有些人,有些事,虽然近在眼前,但它很快成为过眼烟云;有些人,有些事,虽然年去久远,但却留在心里,成为永恒的记忆。
——题记
每次回故乡,心里总有一种感情在涌动,它迫使我不得不去追寻逝去的记忆。
牧童骑黄牛,歌声振林樾
童年是人生当中最美好、最珍贵的时光,最使我难以忘怀的是——放牛。
晨曦暮昏中,一群拖着鼻涕的稚童,牵着黄牛去放牧。期间,一个十一岁的少年,光着膀子,穿着一件小裤衩,黑黝黝的肌肉暴晒得如同一块烧焦的木炭。他手持一根小竹鞭,骑在黄牛背上,一边悠然地唱着歌,一边放牧。愉快的歌声穿过树林,在田间小路上回荡。这个少年便是我。
那时候,我们几个小伙伴常常牵着牛到山上放牧。牛是大集体的,个体不能私养。一头牛在生产队里一年能挣到七八百个工分(一个工分只值五分钱)。我们年纪小,不能挣工分,自然放牛的事就落到我们头上。父母们披星戴月在田里劳作,家里养头牛能挣到几百个工分,顶得过一个主要劳动力一年的工钱。牛饲养得好,年终评的工分高,得到的钱就多。我们时常牵着牛到山上,或在水草茂盛的地方照看。
春夏时节,梅子成熟。我们把牛放到山上,就跑去摘野果。山区的树林十分幽静,鸟儿在树上歌唱,野兔在林间奔跑,野花遍地开,野果遍地是。我们在山上摘山楂,爬到树上摘杨梅果。吃够了,才突然记起牛儿的事。我们赶紧去找,可牛儿早已不知去向,我们吓得四处找寻:“牛儿,你在哪里?”山谷中传来带着哭腔的回声。找不着牛,回家怎么交代?我们哭着,找着。牛总算找着了,悬着的心也落了,我们抹干眼泪,骑着黄牛,慢悠悠地走回家。
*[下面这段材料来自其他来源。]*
Lemma window_sum_widen (V : nmodType) (f : int -> V) b n b' n' :
    (forall i, f i != 0 -> b <= i < b + n%:Z) ->
  b' <= b -> b + n%:Z <= b' + n'%:Z -> window_sum b' n' f = window_sum b n f.
Proof.
move=> supp le_b'b le_end.
have [e be] : exists e : nat, b = b' + e%:Z by exists `|b - b'|%N; lia.
have zero_out j : ~~ (b <= j%:Z + b' < b + n%:Z) -> f (j%:Z + b') = 0.
  by move=> out; apply/eqP; apply: contraNT out => /supp.
rewrite /window_sum (big_cat_nat (leq0n e)) /=; last lia.
rewrite big_nat_cond big1 ?add0r; last first.
  by move=> j /andP[/andP[_ je] _]; apply: zero_out; lia.
rewrite (@big_cat_nat _ _ _ (e + n)) ?leq_addr //=; last lia.
rewrite [X in _ + X]big_nat_cond [X in _ + X]big1 ?addr0; last first.
  by move=> j /andP[/andP[ej _] _]; apply: zero_out; lia.
rewrite -{1}[e]add0n big_addn addKn.
by apply: eq_bigr => j _; congr f; lia.
Qed.

Lemma window_sum_opp (V : nmodType) (f : int -> V) (S : nat) :
  window_sum (- S%:Z) (2 * S).+1 f = window_sum (- S%:Z) (2 * S).+1 (fun i => f (- i)).
Proof.
rewrite /window_sum big_nat_rev /= [LHS]big_nat_cond [RHS]big_nat_cond.
by apply: eq_bigr => j /andP[/andP[_ jS] _]; congr f; lia.
Qed.

(* With integer indices the out-of-range terms vanish, unlike the terms with a
   truncated subtraction [m - j] in [coefM]. *)
Lemma lcoefM_window L M k (S : nat) :
    (lshift L <= S)%N -> (size (lpoly L) <= S)%N ->
  lcoef (lmul L M) k = window_sum (- S%:Z) (2 * S).+1 (fun i => lcoef L i * lcoef M (k - i)).
Proof.
move=> sL_S szL_S; set f := fun i => _.
have f_supp i : f i != 0 ->
    - (lshift L)%:Z <= i < (size (lpoly L))%:Z - (lshift L)%:Z /\
    - (lshift M)%:Z <= k - i < (size (lpoly M))%:Z - (lshift M)%:Z.
  by rewrite mulf_eq0 negb_or => /andP[/lcoef_support ? /lcoef_support ?].
have [[m km]|k_neg] := int_shift_cases k (lshift L + lshift M); last first.
  rewrite lcoef_below /=; last lia.
  by rewrite /window_sum big1 // => j _; apply/eqP; apply: contraT => /f_supp; lia.
have supp i : f i != 0 ->
    - (lshift L)%:Z <= i < - (lshift L)%:Z + (minn m.+1 (size (lpoly L)))%:Z.
  by move=> /f_supp; lia.
transitivity (window_sum (- (lshift L)%:Z) m.+1 f).
  rewrite km (lcoef_shift (lmul L M)) coefM /window_sum big_mkord.
  apply: eq_bigr => [[j lt_jm]] _ /=; rewrite /f km.
  rewrite -(lcoef_shift L j) -(lcoef_shift M (m - j)).
  by congr (lcoef _ _ * lcoef _ _); lia.
rewrite (window_sum_widen supp) ?lexx //; last lia.
by rewrite (window_sum_widen supp) //; lia.
Qed.

Lemma palindromeD L M : palindrome L -> palindrome M -> palindrome (ladd L M).
Proof. by move=> PL PM k; rewrite !lcoefD PL PM. Qed.
Lemma hahn_threshold P rho (c : R) : exists S, [/\ measurable S,
  forall E, measurable E -> E `<=` S -> c * pr rho E <= pr P E &
  forall E, measurable E -> E `<=` ~` S -> pr P E <= c * pr rho E].
Proof.
have [S [N [[mS posS] [mN negN] SUN _]]] := Hahn_decomposition
  (cadd (charge_of_finite_measure P) (cscale (- c) (charge_of_finite_measure rho))).
exists S; split=> // E mE sE.
  have : (0 <= P E + (- c)%:E * rho E)%E := posS E mE sE.
  rewrite (prE P mE) (prE rho mE).
  by rewrite -EFinM -EFinD lee_fin; lra.
have sN : E `<=` N.
  move=> x Ex; have : (S `|` N) x by rewrite SUN.
  by case=> // /(sE x Ex).
have : (P E + (- c)%:E * rho E <= 0)%E := negN E mE sN.
rewrite (prE P mE) (prE rho mE).
by rewrite -EFinM -EFinD lee_fin; lra.
Qed.

Definition clip P rho (a b : R) (A B M : set T) (E : set T) : R :=
  a * pr rho (E `&` A) + b * pr rho (E `&` B) + pr P (E `&` M).

Lemma clip_mixture_prob P rho (a b : R) (A B M : set T) (s u : R) :
  measurable A -> measurable B -> measurable M ->
  0 <= a -> 0 <= b -> 0 <= s -> 0 <= u ->
  s * clip P rho a b A B M setT + u = 1 ->
  exists Q : probability T R, forall E, measurable E ->
    pr Q E = s * clip P rho a b A B M E + u * pr rho E.
Proof.
move=> mA mB mM a0 b0 s0 u0 mass1.
have sa0 : 0 <= s * a by exact: mulr_ge0.
have sb0 : 0 <= s * b by exact: mulr_ge0.
pose mu := measure_add
  (measure_add (mscale (NngNum sa0) (mrestr rho mA))
               (mscale (NngNum sb0) (mrestr rho mB)))
  (measure_add (mscale (NngNum s0) (mrestr P mM)) (mscale (NngNum u0) rho)).
have muE E : measurable E ->
    mu E = (s * clip P rho a b A B M E + u * pr rho E)%:E.
  move=> mE; rewrite /mu /measure_add /msum !big_ord_recl !big_ord0 /=.
  rewrite /msum !big_ord_recl !big_ord0 /= !adde0 /mscale /= /mrestr.
  rewrite (prE rho (measurableI _ _ mE mA)) (prE rho (measurableI _ _ mE mB)).
  rewrite (prE P (measurableI _ _ mE mM)) (prE rho mE) -!EFinM -!EFinD.
  by congr EFin; rewrite /clip; ring.
have normE (nu : {measure set T -> \bar R}) U :
    nu setT = 1%E -> mnormalize nu rho U = nu U.
  by move=> nuT; rewrite /mnormalize nuT /= onee_eq0 /= invr1 mule1.
have muT : mu setT = 1%E by rewrite muE // prT mulr1 mass1.
exists (mnormalize mu rho) => E mE.
by rewrite /pr /= normE //; exact: (congr1 fine (muE _ mE)).
Qed.

Section clipping.
Variables (P rho : probability T R) (a b : R) (S1 S2 : set T).
Hypotheses (mS1 : measurable S1) (mS2 : measurable S2).
Hypotheses (b_ge0 : 0 <= b) (b_le_a : b <= a).

Hypothesis above_S1 : forall E, measurable E -> E `<=` S1 -> a * pr rho E <= pr P E.
Hypothesis below_S1 : forall E, measurable E -> E `<=` ~` S1 -> pr P E <= a * pr rho E.
Hypothesis above_S2 : forall E, measurable E -> E `<=` S2 -> b * pr rho E <= pr P E.
Hypothesis below_S2 : forall E, measurable E -> E `<=` ~` S2 -> pr P E <= b * pr rho E.

(* Where P is too small relative to b rho, and where it lies in the band. *)
Let low := ~` S1 `&` ~` S2.
Let mid := ~` S1 `&` S2.
Let mlow : measurable low. Proof. by apply: measurableI; exact: measurableC. Qed.
Let mmid : measurable mid. Proof. by apply: measurableI => //; exact: measurableC. Qed.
这时,太阳西下,野鸭归巢,小鸟归林,劳累了一天的人们扛着锄头,拖着疲惫的身影收工回家。村子里,炊烟四起,农家灶膛里烧起熊熊炉火,人们忙碌了一天洗拾完之后,才有时间坐下来安顿歇息……
空山不见人,但闻人语响
第二天,太阳又从东方升起。阳光斜斜地射进两三方屋子里来,刺得人的眼睛发疼。我一骨碌从床上爬起来,揉了揉发困的眼睛,走下床,光着小脚丫,又牵着牛去放牧了。
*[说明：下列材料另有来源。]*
(* Let $R$ be a QNA and, for $k\in[0,N]$, let $Q_k$ be the subgroup of $Q=X(\mathcal H)$ generated by $\underline{\beta_1},\ldots,\underline{\beta_k}$, where $\underline{\beta_i}=\operatorname{wt}(x_i)$. For $k\in[1,N]$: (a) if $\delta_k\neq0$ then $Q_k=Q_{k-1}$; (b) if $\delta_k=0$ then $Q_k=Q_{k-1}\oplus\mathbb Z\underline{\beta_k}$.
   Context: ${\mathbb K}$ is a field of characteristic $0$. A quantum nilpotent algebra (QNA) is an iterated Ore extension $R={\mathbb K}[x_1][x_2;\sigma_2,\delta_2]\cdots[x_N;\sigma_N,\delta_N]$, where $R_k={\mathbb K}[x_1][x_2;\sigma_2,\delta_2]\cdots[x_k;\sigma_k,\delta_k]$ ($R_0={\mathbb K}$), $\sigma_k$ is a ${\mathbb K}$-automorphism and $\delta_k$ a $\sigma_k$-derivation of $R_{k-1}$, together with a torus $\mathcal H$ acting rationally by ${\mathbb K}$-automorphisms on $R$ with each $x_i$ an $\mathcal H$-eigenvector, such that: (i) $\sigma_k(x_j)=\lambda_{kj}x_j$ for $j<k$, with $\lambda_{kj}\in{\mathbb K}^*$; (ii) $\delta_k$ is locally nilpotent on $R_{k-1}$; (iii) for each $k$ there exist $h_k\in\mathcal H$ and $q_k\in{\mathbb K}^*$ not a root of unity such that $h_k$ acts on $R_{k-1}$ as $\sigma_k$ and $h_k\cdot x_k=q_kx_k$. The rank is $n=|\{k:\delta_k=0\}|$, and $\mathcal H=({\mathbb K}^* )^n$ is taken to be this maximal torus. Its character group $Q=X(\mathcal H)\cong\mathbb Z^n$ grades $R$; homogeneous elements are the $\mathcal H$-eigenvectors, and for homogeneous $a$, $\operatorname{wt}(a)=(\alpha_1,\ldots,\alpha_n)\in\mathbb Z^n$ is defined by $(h_1,\ldots,h_n)\cdot a=h_1^{\alpha_1}\cdots h_n^{\alpha_n}a$. *)

From HB Require Import structures.
From mathcomp Require Import all_boot all_order all_algebra.
Set Implicit Arguments. Unset Strict Implicit. Unset Printing Implicit Defensive.
Import Order.TTheory GRing.Theory Num.Theory.
Local Open Scope ring_scope.

Notation torus_elt K n := {ffun 'I_n -> K}.
Notation wtT n := {ffun 'I_n -> int}.

Section QNA.
Variables (K : fieldType) (R : algType K) (N n : nat).

(* Elements of the torus H = (K^* )^n are represented by functions 'I_n -> K
   with nonzero entries; characters (elements of Q = X(H) = Z^n) by
   functions 'I_n -> int. *)
Local Notation torus_elt := {ffun 'I_n -> K}.
Local Notation wtT := {ffun 'I_n -> int}.

Definition in_torus (h : torus_elt) : Prop := forall j, h j != 0.
Definition torus_one : torus_elt := [ffun => 1].
Definition torus_mul (h h' : torus_elt) : torus_elt := [ffun j => h j * h' j].

Definition chi (a : wtT) (h : torus_elt) : K := \prod_(j < n) (h j) ^ (a j).

Variable act : torus_elt -> R -> R.

Definition is_weight (a : R) (alpha : wtT) : Prop :=
  forall h, in_torus h -> act h a = chi alpha h *: a.

(* Variables x_1..x_N are indexed by 'I_N, 0-based: x k is the paper's x_{k+1}. *)
Variable x : 'I_N -> R.

(* gen k r : r lies in R_k, the subalgebra generated by the x i with i < k
   (i.e. the paper's x_1, ..., x_k); gen 0 = K.1 *)
Definition gen (k : nat) (r : R) : Prop :=
  exists s : seq (K * seq 'I_N),
    (forall p, p \in s -> forall i, i \in p.2 -> (i < k)%N) /\
    r = \sum_(p <- s) p.1 *: \prod_(i <- p.2) x i.

Variables (sigma delta : 'I_N -> R -> R).

(* sigma k is a K-algebra automorphism of R_{k} (paper: of R_{k-1}) *)
Definition is_aut_on (k : nat) (s : R -> R) : Prop :=
  (forall a, gen k a -> gen k (s a)) /\
  (forall b, gen k b -> exists2 a, gen k a & s a = b) /\
  (forall a b, gen k a -> gen k b -> s a = s b -> a = b) /\
  (forall c a b, gen k a -> gen k b -> s (c *: a + b) = c *: s a + s b) /\
  (forall a b, gen k a -> gen k b -> s (a * b) = s a * s b) /\
  s 1 = 1.

Definition is_sder_on (k : nat) (s d : R -> R) : Prop :=
  (forall a, gen k a -> gen k (d a)) /\
  (forall c a b, gen k a -> gen k b -> d (c *: a + b) = c *: d a + d b) /\
  (forall a b, gen k a -> gen k b -> d (a * b) = s a * d b + d a * b).

Definition delta_zero (k : 'I_N) : Prop := forall r, gen k r -> delta k r = 0.

(* R = K[x_1][x_2;sigma_2,delta_2]...[x_N;sigma_N,delta_N], described internally:
   R = R_N; R_k is generated by R_{k-1} and x_k, it is a free left R_{k-1}-module
   on the powers of x_k, and x_k r = sigma_k(r) x_k + delta_k(r) for r in R_{k-1},
   with sigma_k a K-automorphism and delta_k a sigma_k-derivation of R_{k-1}. *)
Definition iterated_Ore : Prop :=
  (forall r, gen N r) /\
  (forall k : 'I_N, is_aut_on k (sigma k)) /\
  (forall k : 'I_N, is_sder_on k (sigma k) (delta k)) /\
  (forall (k : 'I_N) r, gen k r -> x k * r = sigma k r * x k + delta k r) /\
  (forall (k : 'I_N) (c : seq R), (forall r, r \in c -> gen k r) ->
      \sum_(i < size c) c`_i * x k ^+ i = 0 -> forall i, c`_i = 0).

(* rational action of the torus H = (K^* )^n by K-algebra automorphisms;
   faithful (H is a (maximal) torus of automorphisms of R). *)
Definition rational_torus_action : Prop :=
  (forall h, in_torus h -> forall c a b, act h (c *: a + b) = c *: act h a + act h b) /\
  (forall h, in_torus h -> forall a b, act h (a * b) = act h a * act h b) /\
  (forall h, in_torus h -> act h 1 = 1) /\
  (forall a, act torus_one a = a) /\
  (forall h h', in_torus h -> in_torus h' ->
      forall a, act (torus_mul h h') a = act h (act h' a)) /\
  (forall r, exists s : seq (R * wtT),
      (forall p, p \in s -> is_weight p.1 p.2) /\ r = \sum_(p <- s) p.1) /\
  (forall h, in_torus h -> (forall a, act h a = a) -> h = torus_one).

Definition is_QNA : Prop :=
  iterated_Ore /\
  rational_torus_action /\
  (forall i, exists alpha, is_weight (x i) alpha) /\
  (forall k j : 'I_N, (j < k)%N -> exists2 l : K, l != 0 & sigma k (x j) = l *: x j) /\
  (forall (k : 'I_N) r, gen k r -> exists m, iter m (delta k) r = 0) /\
  (forall k : 'I_N, exists2 h, in_torus h &
      exists q : K, q != 0 /\ (forall m, q ^+ m.+1 != 1) /\
        (forall r, gen k r -> act h r = sigma k r) /\ act h (x k) = q *: x k) /\
  (* n = rank = #{k | delta_k = 0} *)
  (exists f : 'I_n -> 'I_N, injective f /\
      forall k, delta_zero k <-> exists j, f j = k).

Definition inQ (beta : 'I_N -> wtT) (k : nat) (v : wtT) : Prop :=
  exists c : 'I_N -> int, v = \sum_(i < N | (i < k)%N) beta i *~ c i.

End QNA.

From HB Require Import structures.
From mathcomp Require Import all_boot all_order all_algebra.
Import Order.TTheory GRing.Theory Num.Theory.
Set Implicit Arguments. Unset Strict Implicit. Unset Printing Implicit Defensive.
Local Open Scope ring_scope.

(* (a) A sigma_k-derivation vanishing on x_1, ..., x_(k-1) vanishes on R_(k-1), so
   delta_k <> 0 gives j < k with delta_k(x_j) = x_k x_j - lambda x_j x_k <> 0.  This
   element of R_(k-1) is homogeneous of weight beta_k + beta_j; as distinct characters
   of the torus are linearly independent (char K = 0), that weight is the weight of one
   of its monomials in x_1, ..., x_(k-1), whence beta_k lies in Q_(k-1).
   (b) By (a), Q_t is spanned by the weights beta_(f j) of the n indices f j < t with
   delta = 0.  If m beta_k lies in Q_(k-1) with m <> 0, these n weights satisfy a
   nontrivial integer relation, so a nonzero u in Z^n is orthogonal to every weight.
   The torus element (2^u_1, ..., 2^u_n) then fixes every x_i, hence all of R,
   contradicting faithfulness. *)

Section IntegerSpan.
Variables (M : zmodType) (m : nat).

Definition zspan (P : pred 'I_m) (b : 'I_m -> M) (v : M) : Prop :=
  exists c : 'I_m -> int, v = \sum_(i < m | P i) b i *~ c i.

Variables (P : pred 'I_m) (b : 'I_m -> M).

Lemma zspan0 : zspan P b 0.
Proof. by exists (fun _ => 0); rewrite big1 // => i _; rewrite mulr0z. Qed.

Lemma zspanD u v : zspan P b u -> zspan P b v -> zspan P b (u + v).
Proof.
move=> [c ->] [d ->]; exists (fun i => c i + d i).
by rewrite -big_split; apply: eq_bigr => i _; rewrite mulrzDr.
Qed.

Lemma zspanMz u z : zspan P b u -> zspan P b (u *~ z).
Proof.
move=> [c ->]; exists (fun i => c i * z).
by rewrite mulrz_suml; apply: eq_bigr => i _; rewrite mulrzA.
Qed.

Lemma zspan_gen i : P i -> zspan P b (b i).
Proof.
move=> Pi; exists (fun j => (j == i)%:Z).
rewrite (bigD1 i) //= eqxx mulr1z big1 ?addr0 // => j /andP[_ /negbTE ->].
by rewrite mulr0z.
Qed.

Lemma zspan_sum (I : eqType) (s : seq I) (F : I -> M) :
  (forall y, y \in s -> zspan P b (F y)) -> zspan P b (\sum_(y <- s) F y).
Proof.
elim: s => [|y s IHs] Fs; first by rewrite big_nil; apply: zspan0.
rewrite big_cons; apply: zspanD; first by apply: Fs; rewrite mem_head.
by apply: IHs => z zs; apply: Fs; rewrite inE zs orbT.
Qed.

Lemma zspan_sub (P' : pred 'I_m) v :
  (forall i, P i -> P' i) -> zspan P b v -> zspan P' b v.
Proof.
move=> PP' [c ->]; exists (fun i => if P i then c i else 0).
rewrite big_mkcond [RHS]big_mkcond; apply: eq_bigr => i _.
by case: (boolP (P i)) => [/PP' /= -> | _] //; case: (P' i); rewrite ?mulr0z.
Qed.

Lemma zspan_kernel (L : {additive M -> int}) v :
  (forall i, P i -> L (b i) = 0) -> zspan P b v -> L v = 0.
Proof.
move=> Lb [c ->]; rewrite raddf_sum big1 // => i Pi.
by rewrite raddfMz Lb // mul0rz.
Qed.

Lemma zspan_relation j0 z :
  ~~ P j0 -> zspan P b (b j0 *~ z) ->
  exists2 w : 'I_m -> int, w j0 = z & \sum_j b j *~ w j = 0.
Proof.
move=> Pj0 [c bc]; exists (fun j => (j == j0)%:Z * z - (if P j then c j else 0)).
  by rewrite eqxx mul1r (negbTE Pj0) subr0.
rewrite (eq_bigr (fun j => b j *~ ((j == j0)%:Z * z) - b j *~ (if P j then c j else 0)));
  last by move=> j _; rewrite mulrzBr.
rewrite sumrB (bigD1 j0) //= eqxx mul1r big1 ?addr0; last first.
  by move=> j /negbTE ->; rewrite mul0r mulr0z.
rewrite bc big_mkcond; apply/eqP; rewrite subr_eq0; apply/eqP/eq_bigr => j _.
by case: (P j); rewrite ?mulr0z.
Qed.

End IntegerSpan.

Definition dotz n (u : 'I_n -> int) (v : wtT n) : int := \sum_l v l * u l.

Lemma dotz_is_zmod_morphism n (u : 'I_n -> int) : zmod_morphism (dotz u).
Proof.
by move=> v w; rewrite /dotz -sumrB; apply: eq_bigr => l _; rewrite !ffunE mulrBl.
Qed.

HB.instance Definition _ n (u : 'I_n -> int) :=
  GRing.isZmodMorphism.Build (wtT n) int (dotz u) (dotz_is_zmod_morphism u).


Lemma int_relation_orthogonal n (b : 'I_n -> wtT n) (w : 'I_n -> int) j0 :
  w j0 != 0 -> \sum_j b j *~ w j = 0 ->
  exists2 u : 'I_n -> int, (exists l, u l != 0) & forall j, dotz u (b j) = 0.
Proof.
move=> wj0 bw0.
pose B : 'M[rat]_n := \matrix_(j, l) (b j l)%:~R.
pose wq : 'rV[rat]_n := \row_j (w j)%:~R.
have wB : wq *m B = 0.
  apply/rowP => l; rewrite !mxE.
  transitivity (((\sum_j b j *~ w j) l)%:~R : rat); last by rewrite bw0 ffunE.
  rewrite sum_ffunE rmorph_sum /=.
  by apply: eq_bigr => j _; rewrite !mxE ffunMzE -intrM mulrzz mulrC.
have wq0 : wq != 0.
  by apply/eqP => /rowP /(_ j0) /eqP; rewrite !mxE intr_eq0 (negbTE wj0).
have /det0P[v v0 vBT] : \det B^T == 0 by rewrite det_tr; apply/det0P; exists wq.
have [l0 vl0] : exists l, v 0 l != 0.
  apply/existsP; apply: contraR v0 => /existsPn v0; apply/eqP/rowP => l.
  by rewrite mxE; apply/eqP; move: (v0 l); rewrite negbK.
pose d := \prod_l denq (v 0 l).
have d0 : d != 0 by apply/prodf_neq0 => l _; apply: denq_neq0.
pose u l := numq (v 0 l) * \prod_(l' | l' != l) denq (v 0 l').
have uE l : (u l)%:~R = v 0 l * d%:~R :> rat.
  by rewrite intrM numqE /d [X in _ = _ * X%:~R](bigD1 l) //= intrM mulrA.
exists u; first by exists l0; rewrite -(intr_eq0 rat) uE mulf_neq0 ?intr_eq0.
move=> j; apply/eqP; rewrite -(intr_eq0 rat) rmorph_sum /=.
have := congr1 (fun r : 'rV_n => r 0 j) vBT; rewrite !mxE => vBj.
rewrite (eq_bigr (fun l => v 0 l * B^T l j * d%:~R)); last first.
  by move=> l _; rewrite intrM uE !mxE mulrA [_%:~R * v 0 l]mulrC.
by rewrite -mulr_suml vBj mul0r.
Qed.

Section CharacteristicZero.
Variables (K : fieldType) (n : nat).
Hypothesis K0 : [pchar K] =i pred0.

Lemma two_neq0 : (2 : K) != 0.
Proof. by move/pcharf0P: K0 => ->. Qed.

Lemma expr2_eq1 m : (2 : K) ^+ m = 1 -> m = 0%N.
Proof.
move=> E; have : ((2 ^ m - 1)%N%:R : K) == 0 by rewrite natrB ?expn_gt0 // natrX E subrr.
move/pcharf0P: K0 => ->; rewrite subn_eq0.
by rewrite -[X in (_ <= X)%N](expn0 2) leq_exp2l // leqn0 => /eqP.
Qed.

Lemma expr2z_eq1 z : (2 : K) ^ z = 1 -> z = 0.
Proof.
case: z => m; first by move/expr2_eq1 ->.
by rewrite NegzE -exprnN => /eqP; rewrite invr_eq1 => /eqP /expr2_eq1.
Qed.

Definition exp2_torus (u : 'I_n -> int) : torus_elt K n := [ffun l => 2 ^ u l].

Lemma exp2_torusP u : in_torus (exp2_torus u).
Proof. by move=> l; rewrite ffunE expfz_neq0 ?two_neq0. Qed.

Lemma chi_exp2 (a : wtT n) u : chi a (exp2_torus u) = 2 ^ dotz u a.
Proof.
rewrite /chi /dotz; apply: (big_rec2 (fun p s => p = 2 ^ s)) => [|l p s _ ->].
  by rewrite expr0z.
by rewrite ffunE expfzDr ?two_neq0 // exprz_exp [u l * _]mulrC.
Qed.

Lemma chi0 (h : torus_elt K n) : chi 0 h = 1.
Proof. by rewrite /chi big1 // => j _; rewrite ffunE expr0z. Qed.

Lemma chiD (a b : wtT n) (h : torus_elt K n) :
  in_torus h -> chi (a + b) h = chi a h * chi b h.
Proof.
by move=> th; rewrite /chi -big_split; apply: eq_bigr => j _; rewrite ffunE expfzDr.
Qed.

Lemma chi_separation (a b : wtT n) : a != b ->
  exists2 h : torus_elt K n, in_torus h & chi a h != chi b h.
Proof.
move=> ab; have [j abj] : exists j, a j != b j.
  apply/existsP; apply: contraR ab => /existsPn ab; apply/eqP/ffunP => j.
  by move: (ab j); rewrite negbK => /eqP.
pose h := exp2_torus (fun l => (l == j)%:Z).
have chiE (c : wtT n) : chi c h = 2 ^ c j.
  rewrite chi_exp2 /dotz (bigD1 j) //= eqxx mulr1 big1 ?addr0 // => l /negbTE ->.
  by rewrite mulr0.
exists h; first exact: exp2_torusP.
rewrite !chiE; apply: contra abj => /eqP E; rewrite -subr_eq0; apply/eqP/expr2z_eq1.
by rewrite expfzDr ?two_neq0 // E -invr_expz divff // expfz_neq0 ?two_neq0.
Qed.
早晨的阳光十分柔和,空气清晰,徐徐的风萦绕耳际,露珠在草叶上滚动。饿了一晚的黄牛张开嘴巴大口大口地啃着草,舌头像磨盆似的卷着,所过之处,一片狼藉。很快,牛儿吃饱了,我们牵着它一摆一摇地走回家。
上午,我们把牛儿拴到小山坡上,就跑到树林里打野仗。山上,树木茂盛,茅草丛生,最是游戏的好地方。我们常常爬到树上,隐藏在茅草丛里,做着打日本鬼子的游击战。我们兵分两队,一对为“敌人”,一对为我“八路军”,每支“部队”麾下各有三四个人马,每队人马当中都有一个“头儿”统帅“全军”。“战士们”在“头儿”的指挥下,腰间别着一把木制的“驳壳枪”,出没在密林深处,和“敌人”周旋,展开斗争。山上,枪声四起,炮声震天,“冲呀”“杀呀”的喊叫声响彻山谷,可却时时看不到一个人影,大家隐蔽得十分诡秘,谁也不想让对方发现自己而被白白地丢掉“幸家性命”。就这样,我们玩到日近中午,日近黄昏,才依依不舍地赶着牛儿回家。
吃过晚饭,脸也没洗,就和衣倒在床上呼呼大睡,梦呓里还在喊着“冲呀”“杀呀”的口号声,常把家人吵醒……
竞渡,竞渡,惊起一滩鸥鹭
我们完累了,就偷偷地跑到村子的池塘里洗冷水澡。盛夏的太阳火辣辣地照着,晒得我们汗流涔涔。我们不怕淹死,常常一个猛子扎到水底,“哧溜”一声潜到池塘对岸,然后浮起小脑袋把静卧在水面上休息的鸭子或白鹅吓得“嘎嘎”飞鸣……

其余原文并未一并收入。